*Items listed in a dataset*
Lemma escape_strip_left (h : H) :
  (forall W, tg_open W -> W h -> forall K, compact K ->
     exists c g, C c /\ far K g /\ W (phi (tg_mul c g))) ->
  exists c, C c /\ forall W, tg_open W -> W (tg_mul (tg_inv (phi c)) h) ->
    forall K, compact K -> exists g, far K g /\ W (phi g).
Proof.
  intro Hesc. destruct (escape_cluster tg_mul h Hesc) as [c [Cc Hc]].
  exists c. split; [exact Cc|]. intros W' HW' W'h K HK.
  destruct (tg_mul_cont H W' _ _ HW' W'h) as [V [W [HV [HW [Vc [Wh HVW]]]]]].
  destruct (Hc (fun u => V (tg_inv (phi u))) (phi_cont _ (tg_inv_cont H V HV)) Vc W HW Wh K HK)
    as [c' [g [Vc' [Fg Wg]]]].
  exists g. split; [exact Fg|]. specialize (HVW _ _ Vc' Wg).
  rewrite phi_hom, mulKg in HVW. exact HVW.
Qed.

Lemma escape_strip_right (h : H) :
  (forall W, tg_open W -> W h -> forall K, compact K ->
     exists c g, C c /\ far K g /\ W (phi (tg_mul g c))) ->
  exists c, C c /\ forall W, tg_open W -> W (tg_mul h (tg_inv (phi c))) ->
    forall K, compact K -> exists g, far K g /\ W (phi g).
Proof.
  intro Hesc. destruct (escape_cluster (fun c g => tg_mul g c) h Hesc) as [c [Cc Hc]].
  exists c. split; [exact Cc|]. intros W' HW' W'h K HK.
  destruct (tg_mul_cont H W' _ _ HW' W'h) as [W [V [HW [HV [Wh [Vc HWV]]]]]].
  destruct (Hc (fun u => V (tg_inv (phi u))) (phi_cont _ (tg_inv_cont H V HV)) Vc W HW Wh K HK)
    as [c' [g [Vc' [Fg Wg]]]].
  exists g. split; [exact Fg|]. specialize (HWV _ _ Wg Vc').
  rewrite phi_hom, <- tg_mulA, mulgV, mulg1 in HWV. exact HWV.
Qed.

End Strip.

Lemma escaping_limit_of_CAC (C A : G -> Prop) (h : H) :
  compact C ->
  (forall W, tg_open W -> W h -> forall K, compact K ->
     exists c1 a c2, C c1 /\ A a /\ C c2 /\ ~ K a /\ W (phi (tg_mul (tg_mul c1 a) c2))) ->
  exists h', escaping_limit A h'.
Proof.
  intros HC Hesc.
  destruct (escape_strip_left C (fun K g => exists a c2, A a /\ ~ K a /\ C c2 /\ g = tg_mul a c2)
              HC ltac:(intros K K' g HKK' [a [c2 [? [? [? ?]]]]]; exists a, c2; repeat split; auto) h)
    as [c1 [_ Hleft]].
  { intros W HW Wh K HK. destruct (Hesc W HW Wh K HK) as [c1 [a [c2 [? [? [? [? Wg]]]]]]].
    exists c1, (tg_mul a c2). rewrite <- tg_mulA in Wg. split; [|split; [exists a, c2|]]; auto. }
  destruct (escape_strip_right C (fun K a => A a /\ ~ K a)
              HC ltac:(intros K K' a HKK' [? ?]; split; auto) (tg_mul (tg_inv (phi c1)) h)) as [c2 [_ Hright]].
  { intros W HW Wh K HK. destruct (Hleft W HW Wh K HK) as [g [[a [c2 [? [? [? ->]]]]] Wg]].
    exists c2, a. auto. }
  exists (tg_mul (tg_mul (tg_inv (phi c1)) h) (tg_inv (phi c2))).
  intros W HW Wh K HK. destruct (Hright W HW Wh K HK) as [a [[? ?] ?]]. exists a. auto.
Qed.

*What this task involves*
Which of the lines above include the word "Hright"? Copy each of them.

*Final answer*
              HC ltac:(intros K K' a HKK' [? ?]; split; auto) (tg_mul (tg_inv (phi c1)) h)) as [c2 [_ Hright]].
  intros W HW Wh K HK. destruct (Hright W HW Wh K HK) as [a [[? ?] ?]]. exists a. auto.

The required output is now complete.